Task description
Having read the records, set them all down exactly as they appear.
-- Opening Marker --
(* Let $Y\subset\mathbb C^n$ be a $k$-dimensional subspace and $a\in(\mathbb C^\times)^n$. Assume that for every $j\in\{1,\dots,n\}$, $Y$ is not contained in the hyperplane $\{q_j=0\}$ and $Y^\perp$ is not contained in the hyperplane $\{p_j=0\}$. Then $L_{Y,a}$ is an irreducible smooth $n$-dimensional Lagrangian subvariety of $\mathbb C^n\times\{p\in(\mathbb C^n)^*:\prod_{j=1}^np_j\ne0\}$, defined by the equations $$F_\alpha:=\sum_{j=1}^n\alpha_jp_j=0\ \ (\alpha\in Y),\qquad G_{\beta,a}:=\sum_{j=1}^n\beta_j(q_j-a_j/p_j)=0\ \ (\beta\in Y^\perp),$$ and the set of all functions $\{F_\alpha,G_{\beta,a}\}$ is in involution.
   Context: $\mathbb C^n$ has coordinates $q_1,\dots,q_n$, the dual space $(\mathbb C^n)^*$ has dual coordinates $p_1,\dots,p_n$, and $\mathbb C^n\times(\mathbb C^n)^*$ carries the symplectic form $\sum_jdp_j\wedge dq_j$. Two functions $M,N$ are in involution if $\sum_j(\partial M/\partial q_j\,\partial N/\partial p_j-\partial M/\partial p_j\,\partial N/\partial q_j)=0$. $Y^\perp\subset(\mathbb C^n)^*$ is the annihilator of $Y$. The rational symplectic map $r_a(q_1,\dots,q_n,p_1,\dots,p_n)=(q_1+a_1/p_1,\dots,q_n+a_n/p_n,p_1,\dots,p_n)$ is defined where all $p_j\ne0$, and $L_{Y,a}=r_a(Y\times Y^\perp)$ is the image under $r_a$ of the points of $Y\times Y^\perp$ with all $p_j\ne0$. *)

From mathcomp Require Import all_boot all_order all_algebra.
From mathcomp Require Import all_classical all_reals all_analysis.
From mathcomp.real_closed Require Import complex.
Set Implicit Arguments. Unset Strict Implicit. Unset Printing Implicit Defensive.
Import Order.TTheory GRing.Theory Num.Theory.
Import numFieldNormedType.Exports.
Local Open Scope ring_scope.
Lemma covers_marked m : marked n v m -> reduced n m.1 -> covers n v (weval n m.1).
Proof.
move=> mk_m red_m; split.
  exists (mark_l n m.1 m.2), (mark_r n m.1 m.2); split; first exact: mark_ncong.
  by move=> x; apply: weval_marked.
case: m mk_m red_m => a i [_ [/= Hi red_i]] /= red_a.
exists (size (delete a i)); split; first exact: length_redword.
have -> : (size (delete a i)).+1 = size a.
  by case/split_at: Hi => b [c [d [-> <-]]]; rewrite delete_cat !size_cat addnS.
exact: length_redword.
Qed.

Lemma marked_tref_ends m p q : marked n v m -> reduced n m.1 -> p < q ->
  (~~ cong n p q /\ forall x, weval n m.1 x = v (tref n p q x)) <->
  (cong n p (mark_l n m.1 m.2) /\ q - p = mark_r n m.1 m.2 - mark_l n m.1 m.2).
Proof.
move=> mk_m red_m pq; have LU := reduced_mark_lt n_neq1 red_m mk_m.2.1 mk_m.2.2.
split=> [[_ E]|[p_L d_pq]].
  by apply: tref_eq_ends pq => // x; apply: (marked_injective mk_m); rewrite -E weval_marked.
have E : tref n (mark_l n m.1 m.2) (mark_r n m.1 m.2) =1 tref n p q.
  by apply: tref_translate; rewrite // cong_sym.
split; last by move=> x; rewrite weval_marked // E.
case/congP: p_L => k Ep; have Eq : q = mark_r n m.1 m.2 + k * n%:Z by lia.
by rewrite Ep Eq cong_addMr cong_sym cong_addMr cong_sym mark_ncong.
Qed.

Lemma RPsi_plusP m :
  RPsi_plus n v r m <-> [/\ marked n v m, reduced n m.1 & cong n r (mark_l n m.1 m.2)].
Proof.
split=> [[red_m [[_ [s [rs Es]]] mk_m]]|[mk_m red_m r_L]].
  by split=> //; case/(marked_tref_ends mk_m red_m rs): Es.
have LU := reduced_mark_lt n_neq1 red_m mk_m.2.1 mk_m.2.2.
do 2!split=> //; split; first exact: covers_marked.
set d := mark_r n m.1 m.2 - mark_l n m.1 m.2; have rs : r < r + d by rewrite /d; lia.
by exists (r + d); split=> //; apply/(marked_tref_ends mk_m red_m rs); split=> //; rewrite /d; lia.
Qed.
-- Closing Marker --
Written response
(* Let $Y\subset\mathbb C^n$ be a $k$-dimensional subspace and $a\in(\mathbb C^\times)^n$. Assume that for every $j\in\{1,\dots,n\}$, $Y$ is not contained in the hyperplane $\{q_j=0\}$ and $Y^\perp$ is not contained in the hyperplane $\{p_j=0\}$. Then $L_{Y,a}$ is an irreducible smooth $n$-dimensional Lagrangian subvariety of $\mathbb C^n\times\{p\in(\mathbb C^n)^*:\prod_{j=1}^np_j\ne0\}$, defined by the equations $$F_\alpha:=\sum_{j=1}^n\alpha_jp_j=0\ \ (\alpha\in Y),\qquad G_{\beta,a}:=\sum_{j=1}^n\beta_j(q_j-a_j/p_j)=0\ \ (\beta\in Y^\perp),$$ and the set of all functions $\{F_\alpha,G_{\beta,a}\}$ is in involution.
   Context: $\mathbb C^n$ has coordinates $q_1,\dots,q_n$, the dual space $(\mathbb C^n)^*$ has dual coordinates $p_1,\dots,p_n$, and $\mathbb C^n\times(\mathbb C^n)^*$ carries the symplectic form $\sum_jdp_j\wedge dq_j$. Two functions $M,N$ are in involution if $\sum_j(\partial M/\partial q_j\,\partial N/\partial p_j-\partial M/\partial p_j\,\partial N/\partial q_j)=0$. $Y^\perp\subset(\mathbb C^n)^*$ is the annihilator of $Y$. The rational symplectic map $r_a(q_1,\dots,q_n,p_1,\dots,p_n)=(q_1+a_1/p_1,\dots,q_n+a_n/p_n,p_1,\dots,p_n)$ is defined where all $p_j\ne0$, and $L_{Y,a}=r_a(Y\times Y^\perp)$ is the image under $r_a$ of the points of $Y\times Y^\perp$ with all $p_j\ne0$. *)

From mathcomp Require Import all_boot all_order all_algebra.
From mathcomp Require Import all_classical all_reals all_analysis.
From mathcomp.real_closed Require Import complex.
Set Implicit Arguments. Unset Strict Implicit. Unset Printing Implicit Defensive.
Import Order.TTheory GRing.Theory Num.Theory.
Import numFieldNormedType.Exports.
Local Open Scope ring_scope.
Lemma covers_marked m : marked n v m -> reduced n m.1 -> covers n v (weval n m.1).
Proof.
move=> mk_m red_m; split.
  exists (mark_l n m.1 m.2), (mark_r n m.1 m.2); split; first exact: mark_ncong.
  by move=> x; apply: weval_marked.
case: m mk_m red_m => a i [_ [/= Hi red_i]] /= red_a.
exists (size (delete a i)); split; first exact: length_redword.
have -> : (size (delete a i)).+1 = size a.
  by case/split_at: Hi => b [c [d [-> <-]]]; rewrite delete_cat !size_cat addnS.
exact: length_redword.
Qed.

Lemma marked_tref_ends m p q : marked n v m -> reduced n m.1 -> p < q ->
  (~~ cong n p q /\ forall x, weval n m.1 x = v (tref n p q x)) <->
  (cong n p (mark_l n m.1 m.2) /\ q - p = mark_r n m.1 m.2 - mark_l n m.1 m.2).
Proof.
move=> mk_m red_m pq; have LU := reduced_mark_lt n_neq1 red_m mk_m.2.1 mk_m.2.2.
split=> [[_ E]|[p_L d_pq]].
  by apply: tref_eq_ends pq => // x; apply: (marked_injective mk_m); rewrite -E weval_marked.
have E : tref n (mark_l n m.1 m.2) (mark_r n m.1 m.2) =1 tref n p q.
  by apply: tref_translate; rewrite // cong_sym.
split; last by move=> x; rewrite weval_marked // E.
case/congP: p_L => k Ep; have Eq : q = mark_r n m.1 m.2 + k * n%:Z by lia.
by rewrite Ep Eq cong_addMr cong_sym cong_addMr cong_sym mark_ncong.
Qed.

Lemma RPsi_plusP m :
  RPsi_plus n v r m <-> [/\ marked n v m, reduced n m.1 & cong n r (mark_l n m.1 m.2)].
Proof.
split=> [[red_m [[_ [s [rs Es]]] mk_m]]|[mk_m red_m r_L]].
  by split=> //; case/(marked_tref_ends mk_m red_m rs): Es.
have LU := reduced_mark_lt n_neq1 red_m mk_m.2.1 mk_m.2.2.
do 2!split=> //; split; first exact: covers_marked.
set d := mark_r n m.1 m.2 - mark_l n m.1 m.2; have rs : r < r + d by rewrite /d; lia.
by exists (r + d); split=> //; apply/(marked_tref_ends mk_m red_m rs); split=> //; rewrite /d; lia.
Qed.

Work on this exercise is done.